Understanding Large Language Models

Oct 16, 2024

Introduction to Large Language Models

Overview

  • Re-recorded talk on large language models (LLMs) for YouTube.
  • Discusses LLMs using the example of LAMA2-70B by Meta.ai.

What is a Large Language Model?

  • Comprises two files: parameter file and a run file (code to run parameters).
  • Example: LAMA2 series with different sizes (7B, 13B, 34B, 70B parameters).
  • Open weights models like LAMA2 are accessible, unlike proprietary models like ChatGPT.
  • Parameters stored as 140GB float 16 data type.

Running LLMs

  • Can run LAMA2 models with just the two files on a laptop.
  • Requires no internet for basic inference.
  • Example given with scaled-down model for speed demonstration.

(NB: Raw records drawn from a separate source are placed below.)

Lemma prod2_update (T : finType) (R : comPzRingType) (P : T -> T -> bool)
    (F1 F2 : T -> T -> R) u v c1 c2 :
  P u v -> (forall x y, P x y -> (x, y) != (u, v) -> F1 x y = F2 x y) ->
  F1 u v * c2 = F2 u v * c1 ->
  (\prod_x \prod_(y | P x y) F1 x y) * c2 = (\prod_x \prod_(y | P x y) F2 x y) * c1.
Proof.
move=> Puv F12 F12uv.
have split_uv (F : T -> T -> R) : \prod_x \prod_(y | P x y) F x y =
    F u v * ((\prod_(y | P u y && (y != v)) F u y) *
             \prod_(x | x != u) \prod_(y | P x y) F x y).
  by rewrite (bigD1 u) //= (bigD1 v) //= mulrA.
rewrite !split_uv mulrAC F12uv mulrAC; congr (_ * (_ * _) * _).
  by apply: eq_bigr => y /andP [Puy yv]; rewrite F12 // xpair_eqE negb_and yv orbT.
by apply: eq_bigr => x xu; apply: eq_bigr => y Pxy; rewrite F12 // xpair_eqE negb_and xu.
Qed.

Section Relabel.
Variable V : finType.
Local Open Scope group_scope.
Implicit Types (s g : {perm V}) (e : {set V}) (G H : {set {set V}}).

Definition relabel s G : {set {set V}} := (('P^*)^*)%act G s.

Lemma relabelE s G : relabel s G = [set s @: e | e : {set V} in G].
Proof. by []. Qed.

Lemma relabel_inj s : injective (relabel s).
Proof. exact: act_inj. Qed.

Lemma mem_relabel s G e : (s @: e \in relabel s G) = (e \in G).
Proof. by rewrite relabelE mem_imset //; apply: imset_inj; apply: perm_inj. Qed.

Lemma is_graph_relabel s G : is_graph (relabel s G) = is_graph G.
Proof.
have card_s e : #|s @: e| = #|e| by apply: card_imset; apply: perm_inj.
apply/forall_inP/forall_inP => HG e.
  by move=> eG; rewrite -card_s; apply: HG; rewrite mem_relabel.
by rewrite relabelE => /imsetP [e' e'G ->]; rewrite card_s HG.
Qed.

Lemma is_isoE g G H : is_iso g G H = (relabel g G == H).
Proof.
apply/forallP/eqP => [iso | <- e]; last by rewrite mem_relabel.
apply/setP => e; have -> : e = g @: (g^-1 @: e) := esym (actKV ('P^*)%act g e).
by rewrite -(eqP (iso _)) mem_relabel.
Qed.

Lemma asymmetricE G : asymmetric G = ('C[G | ('P^*)^*] \subset [1]).
Proof.
apply/forallP/subsetP => [asym g | triv g]; last first.
  by apply/implyP; rewrite is_isoE => /eqP fixG; rewrite -in_set1 triv //; apply/astab1P.
by move/astab1P/eqP; rewrite -is_isoE => iso; rewrite inE (implyP (asym g)).
Qed.

Lemma asymmetric_relabel s G : asymmetric (relabel s G) = asymmetric G.
Proof. by rewrite !asymmetricE astab1_act !subG1 conjsg_eq1. Qed.

End Relabel.

Lemma VN_scheme_relabel (V : finType) (S : {set V}) (L : {set {set V}} -> seq V)
    (s : {perm V}) (G : {set {set V}}) :
  is_VN_scheme S L -> is_graph G -> s \in 'C(S | 'P)%g ->
  L (relabel s G) = map s (L G).
Proof.
case=> [sym [_ iso]] HG /astabP fixS.
have HsG : is_graph (relabel s G) by rewrite is_graph_relabel.
have [asym | sym_G] := boolP (asymmetric G); last by rewrite !sym ?asymmetric_relabel.
by symmetry; apply: iso; rewrite ?asymmetric_relabel ?is_isoE.
Qed.

Section EdgeCount.
Variables (V : finType) (K : nat).
Implicit Types (G H : {set {set V}}) (phi : {ffun V -> 'I_K}) (i j : 'I_K).

Lemma ecount_relabel (s : {perm V}) G phi i j :
  ecount G [ffun x => phi (s x)] i j = ecount (relabel s G) phi i j.
Proof.
have inj_s : injective (fun e : {set V} => s @: e) := imset_inj (@perm_inj _ s).
rewrite /ecount -[RHS](card_preimset _ inj_s).
apply: eq_card => e; rewrite !inE mem_relabel; congr andb.
apply/existsP/existsP => [[x /existsP [y]] | [x /existsP [y]]].
  rewrite !ffunE => /and4P [/eqP -> xy fx fy].
  exists (s x); apply/existsP; exists (s y).
  by rewrite imsetU1 imset_set1 (inj_eq perm_inj) xy fx fy eqxx.
case/and4P=> [/eqP E xy fx fy]; exists (s^-1%g x); apply/existsP; exists (s^-1%g y).
rewrite (inj_eq perm_inj) xy !ffunE !permKV fx fy !andbT.
by apply/eqP/inj_s; rewrite E imsetU1 imset_set1 !permKV.
Qed.

Lemma set2_eq_cases (x y u v : V) : u != v -> [set x; y] = [set u; v] ->
  (x = u /\ y = v) \/ (x = v /\ y = u).
Proof.
move=> uv E.
have /set2P [xu | xv] : x \in [set u; v] by rewrite -E set21.
  left; split=> //; have /set2P [yu | //] : y \in [set u; v] by rewrite -E set22.
  have /set2P [vx | vy] : v \in [set x; y] by rewrite E set22.
  - by rewrite vx xu eqxx in uv.
  - by rewrite vy yu eqxx in uv.
right; split=> //; have /set2P [// | yv] : y \in [set u; v] by rewrite -E set22.
have /set2P [ux | uy] : u \in [set x; y] by rewrite E set21.
- by rewrite ux xv eqxx in uv.
- by rewrite uy yv eqxx in uv.
Qed.

Lemma ecountU1 H phi (e : {set V}) i j : e \notin H ->
  ecount (e |: H) phi i j =
  ([exists u, exists v, [&& e == [set u; v], u != v, phi u == i & phi v == j]]
   + ecount H phi i j)%N.
Proof.
move=> eH; rewrite /ecount.
have [Pe | nPe] :=
  boolP [exists u, exists v, [&& e == [set u; v], u != v, phi u == i & phi v == j]].
  rewrite (_ : [set _ in _ | _] = e |: [set e' in H | [exists u, exists v,
             [&& e' == [set u; v], u != v, phi u == i & phi v == j]]]).
    by rewrite cardsU1 inE (negbTE eH).
  by apply/setP => e'; rewrite !inE; case: eqP => [-> | //]; rewrite Pe.
rewrite add0n; apply: eq_card => e'; rewrite !inE; case: eqP => [-> | //].
by rewrite (negbTE eH) (negbTE nPe).
Qed.

Lemma ecount_le H phi i j :
  (ecount H phi i j <= if i == j then 'C(#|[set v | phi v == i]|, 2)
                       else #|[set v | phi v == i]| * #|[set v | phi v == j]|)%N.
Proof.
rewrite /ecount; case: eqP => [<- | _].
  rewrite -cards_draws; apply/subset_leq_card/subsetP => e.
  rewrite !inE => /andP [_ /existsP [x /existsP [y /and4P [/eqP -> xy fx fy]]]].
  rewrite cards2 xy andbT; apply/subsetP => z.
  by rewrite !inE => /orP [] /eqP ->.
rewrite -cardsX; apply: leq_trans (leq_imset_card (fun p => [set p.1; p.2]) _).
apply/subset_leq_card/subsetP => e.
rewrite inE => /andP [_ /existsP [x /existsP [y /and4P [/eqP -> xy fx fy]]]].
by apply/imsetP; exists (x, y); rewrite // inE /= !inE fx fy.
Qed.

End EdgeCount.
Lemma exists_signs_sum_sqr_ge {I : finType} {m : nat} (G : 'I_m -> I -> R) :
  exists2 s : 'I_m -> R, (forall j, `|s j| = 1) &
    \sum_j \sum_i G j i ^+ 2 <= \sum_i (\sum_j s j * G j i) ^+ 2.
Proof.
elim: m G => [|m IHm] G.
  exists (fun=> 1) => [j|]; first by rewrite normr1.
  by rewrite big_ord0 sumr_ge0 // => i _; rewrite sqr_ge0.
have [s' s'1 le_s'] := IHm (fun j => G (lift ord0 j)).
pose S i := \sum_j s' j * G (lift ord0 j) i.
(* the new sign makes the cross term with the previous sum nonnegative *)
pose t : R := if 0 <= \sum_i G ord0 i * S i then 1 else -1.
exists (fun j => if unlift ord0 j is Some j' then s' j' else t).
  move=> j; case: unliftP => [j' _|_]; first exact: s'1.
  by rewrite /t; case: ifP; rewrite ?normrN normr1.
have t2 : t ^+ 2 = 1 by rewrite /t; case: ifP; rewrite ?sqrrN expr1n.
have cross_ge0 : 0 <= t * \sum_i G ord0 i * S i.
  by rewrite /t; case: ifPn; rewrite ?mul1r // mulN1r oppr_ge0 -ltNge => /ltW.
have -> : \sum_i (\sum_j (if unlift ord0 j is Some j' then s' j' else t) * G j i) ^+ 2
          = \sum_i (t * G ord0 i + S i) ^+ 2.
  apply: eq_bigr => i _; rewrite big_ord_recl unlift_none; congr ((_ + _) ^+ 2).
  by apply: eq_bigr => j _; rewrite liftK.
rewrite (eq_bigr (fun i => G ord0 i ^+ 2 + 2 * (t * (G ord0 i * S i)) + S i ^+ 2));
  last by move=> i _; rewrite sqrrD exprMn t2; ring.
by rewrite !big_split /= -!mulr_sumr big_ord_recl /=; lra.
Qed.

End SumsOfSquares.

Section EuclideanBall.
Context {R : realType} {n : nat}.

Lemma ler_sqrtr_of_sqr (x y : R) : 0 <= x -> x ^+ 2 <= y -> x <= Num.sqrt y.
Proof. by move=> x_ge0 le_xy; rewrite -(ger0_norm x_ge0) -sqrtr_sqr ler_wsqrtr. Qed.

Lemma enorm_sqr (x : 'rV[R]_n) : enorm x ^+ 2 = \sum_i x 0 i ^+ 2.
Proof. by rewrite sqr_sqrtr // sumr_ge0 // => i _; rewrite sqr_ge0. Qed.

Lemma BnE (x : 'rV[R]_n) : Bn x = (\sum_i x 0 i ^+ 2 <= 1).
Proof. by rewrite /Bn /= /enorm -[in X in X = _]sqrtr1 ler_sqrt. Qed.

Lemma sum_norm_le_sqrt_enorm (x : 'rV[R]_n) :
  \sum_i `|x 0 i| <= Num.sqrt n%:R * enorm x.
Proof.
rewrite /enorm -sqrtrM // ler_sqrtr_of_sqr ?sumr_ge0 //.
have := CauchySchwarz_sum (fun=> 1) (fun i => `|x 0 i|).
under eq_bigr do rewrite mul1r.
have -> : \sum_(i < n) (1 : R) ^+ 2 = n%:R.
  by rewrite (eq_bigr (fun=> 1)) ?sumr_const ?card_ord // => i _; rewrite expr1n.
suff -> : \sum_i `|x 0 i| ^+ 2 = \sum_i x 0 i ^+ 2 by [].
by apply: eq_bigr => i _; rewrite real_normK ?num_real.
Qed.

End EuclideanBall.

Section AffineFunctions.
Context {R : realType} {n : nat}.

Lemma affine_fun_continuous (a : 'rV[R]_n) b : continuous (affine_fun a b).
Proof.
move=> x; apply: continuousD; last exact: cst_continuous.
apply: continuous_big => [|i _]; first exact: add_continuous.
move=> y; apply: (@continuousM _ _ (fun=> a 0 i) (fun z : 'rV[R]_n => z 0 i)).
  exact: cst_continuous.
exact: coord_continuous.
Qed.

Lemma exists_Bn_affine_ge_enorm (a : 'rV[R]_n) (b : R) :
  exists2 z, Bn z & enorm a <= `|affine_fun a b z|.
Proof.
set N := enorm a; have N_ge0 : 0 <= N := sqrtr_ge0 _.
have [N0|N_neq0] := eqVneq N 0.
  exists 0; last by rewrite N0.
  by rewrite BnE big1 // => i _; rewrite mxE expr0n.
pose e : R := if 0 <= b then 1 else -1.
have e2 : e ^+ 2 = 1 by rewrite /e; case: ifP; rewrite ?sqrrN expr1n.
exists ((e / N) *: a).
  rewrite BnE; under eq_bigr do rewrite mxE exprMn.
  by rewrite -mulr_sumr -enorm_sqr -exprMn divfK // e2.
have -> : affine_fun a b ((e / N) *: a) = e * N + b.
  rewrite /affine_fun; congr (_ + _).
  under eq_bigr do rewrite mxE mulrCA -expr2.
  by rewrite -mulr_sumr -enorm_sqr expr2 mulrA divfK.
rewrite ler_normr /e; case: ifPn => [b_ge0|]; last rewrite -ltNge => b_lt0.
  by apply/orP; left; lra.
by apply/orP; right; lra.
Qed.

Lemma affine_jump_sqr_grad_ge (a : 'rV[R]_n) b x y : Bn x -> Bn y ->
  affine_fun a b x - affine_fun a b y = 1 -> 1 / 4 <= \sum_k a 0 k ^+ 2.
Proof.
rewrite !BnE => Bx By jump.
have dot : \sum_k a 0 k * (x 0 k - y 0 k) = 1.
  by rewrite -jump /affine_fun; under eq_bigr do rewrite mulrBr; rewrite sumrB; ring.
have dist : \sum_k (x 0 k - y 0 k) ^+ 2 <= 4.
  apply: (@le_trans _ _ (\sum_k (2 * x 0 k ^+ 2 + 2 * y 0 k ^+ 2))).
    apply: ler_sum => k _; rewrite -subr_ge0.
    by rewrite (_ : _ - _ = (x 0 k + y 0 k) ^+ 2) ?sqr_ge0 //; ring.
  by rewrite big_split /= -!mulr_sumr; lra.
have A_ge0 : 0 <= \sum_k a 0 k ^+ 2 by rewrite sumr_ge0 // => k _; rewrite sqr_ge0.
have := CauchySchwarz_sum (fun k => a 0 k) (fun k => x 0 k - y 0 k).
rewrite dot expr1n; have := ler_wpM2l A_ge0 dist; lra.
Qed.

End AffineFunctions.

Section Clamp.
Context {R : realType}.

Definition clamp1 (x : R) : R := Num.max (-1) (Num.min 1 x).

Lemma continuous_clamp1 : continuous clamp1.
Proof.
move=> x; apply: (@continuous_max R R^o (fun=> -1) ((fun=> 1) \min id)).
  exact: cst_continuous.
by apply: continuous_min; [exact: cst_continuous | exact: cvg_id].
Qed.

Lemma norm_clamp1_le1 x : `|clamp1 x| <= 1.
Proof. by rewrite ler_norml le_max ge_max ge_min !lexx (le_trans (lerN10 R) ler01). Qed.

Lemma clamp1_id x : `|x| <= 1 -> clamp1 x = x.
Proof. by rewrite ler_norml => /andP[? ?]; rewrite /clamp1 min_r // max_r. Qed.

End Clamp.

Section InterpolationProjector.
Context {R : realType}.

Lemma proj_norm_ge n (v : 'I_n.+1 -> 'rV[R]_n) a b z :
  (forall j, `|affine_fun a b (v j)| <= 1) -> Bn z ->
  ((`|affine_fun a b z|)%:E <= proj_norm v)%E.
Proof.
(* clamping p to [-1, 1] changes nothing at the vertices *)
move=> vals_le1 Bz; apply: ereal_sup_ubound.
exists (clamp1 \o affine_fun a b), a, b, z; split => //.
- apply: continuous_subspaceT => x.
  by apply: continuous_comp; [exact: affine_fun_continuous | exact: continuous_clamp1].
- by move=> y _; exact: norm_clamp1_le1.
- by move=> j /=; rewrite clamp1_id.
Qed.

Definition affine_of_col {n} (c : 'cV[R]_n.+1) : 'rV[R]_n -> R :=
  affine_fun (\row_k c (lift ord_max k) 0) (c ord_max 0).

Lemma affine_of_col_vertex n (v : 'I_n.+1 -> 'rV[R]_n) c i :
  affine_of_col c (v i) = (simplex_matrix v *m c) i 0.
Proof.
rewrite /affine_of_col /affine_fun mxE big_ord_recr /= !mxE unlift_none mul1r.
congr (_ + _); apply: eq_bigr => k _.
have -> : widen_ord (leqnSn n) k = lift ord_max k.
  by apply: val_inj; rewrite /= /bump leqNgt ltn_ord.
by rewrite !mxE liftK mulrC.
Qed.

End InterpolationProjector.

Section LowerBound.
Context {R : realType} {n : nat} (v : 'I_n.+1 -> 'rV[R]_n).
Hypotheses (n_gt0 : (0 < n)%N) (v_Bn : forall j, Bn (v j)) (v_nondeg : Defs.nondegenerate v).

Let C := invmx (simplex_matrix v).

Let MC : simplex_matrix v *m C = 1%:M.
Proof. by rewrite mulmxV // unitmxE unitfE. Qed.

(* Column j of C holds the coefficients of the Lagrange basis function
   lambda_j, with lambda_j (v i) = (i == j). *)
Lemma lagrange_sqr_grad_ge j : 1 / 4 <= \sum_k C (lift ord_max k) j ^+ 2.
Proof.
have lagrange i : affine_of_col (col j C) (v i) = (i == j)%:R.
  by rewrite affine_of_col_vertex colE mulmxA MC mul1mx mxE eqxx andbT.
have [i ij] : exists i, i != j.
  have [->|j_neq0] := eqVneq j ord0; last by exists ord0; rewrite eq_sym.
  by exists ord_max; apply/eqP => /(congr1 val) /= n0; have := n_gt0; rewrite n0.
have jump : affine_of_col (col j C) (v j) - affine_of_col (col j C) (v i) = 1.
  by rewrite !lagrange eqxx (negbTE ij) subr0.
suff -> : \sum_k C (lift ord_max k) j ^+ 2
          = \sum_k (\row_k col j C (lift ord_max k) 0) 0 k ^+ 2.
  exact: affine_jump_sqr_grad_ge (v_Bn j) (v_Bn i) jump.
by apply: eq_bigr => k _; rewrite !mxE.
Qed.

Obtaining Parameters: Model Training

  • Training compresses large datasets (10TB of text) using GPU clusters.
  • LAMA2 training specifics: 6000 GPUs, 12 days, $2 million cost.
  • Training involves lossy compression of internet text.

Neural Network Functionality

  • Task: Predict the next word in a sequence.
  • Training data leads to learning general world knowledge.
  • Inference uses text predictions based on training data distribution.

Understanding Neural Networks

  • Architecture understood but parameter interactions remain complex.
  • Issue: Models like GPT-4 have knowledge retrieval problems (e.g., asymmetry in question-answer pairs).

Model Training and Fine-tuning

Pre-training vs. Fine-tuning

  • Pre-training: Involves large-scale internet text for general knowledge.
  • Fine-tuning: Adjusts model behavior for specific tasks using high-quality Q&A datasets.

Fine-tuning Process

  • Collect high-quality labeled data for Q&A.
  • Process improves model's ability to act as an assistant.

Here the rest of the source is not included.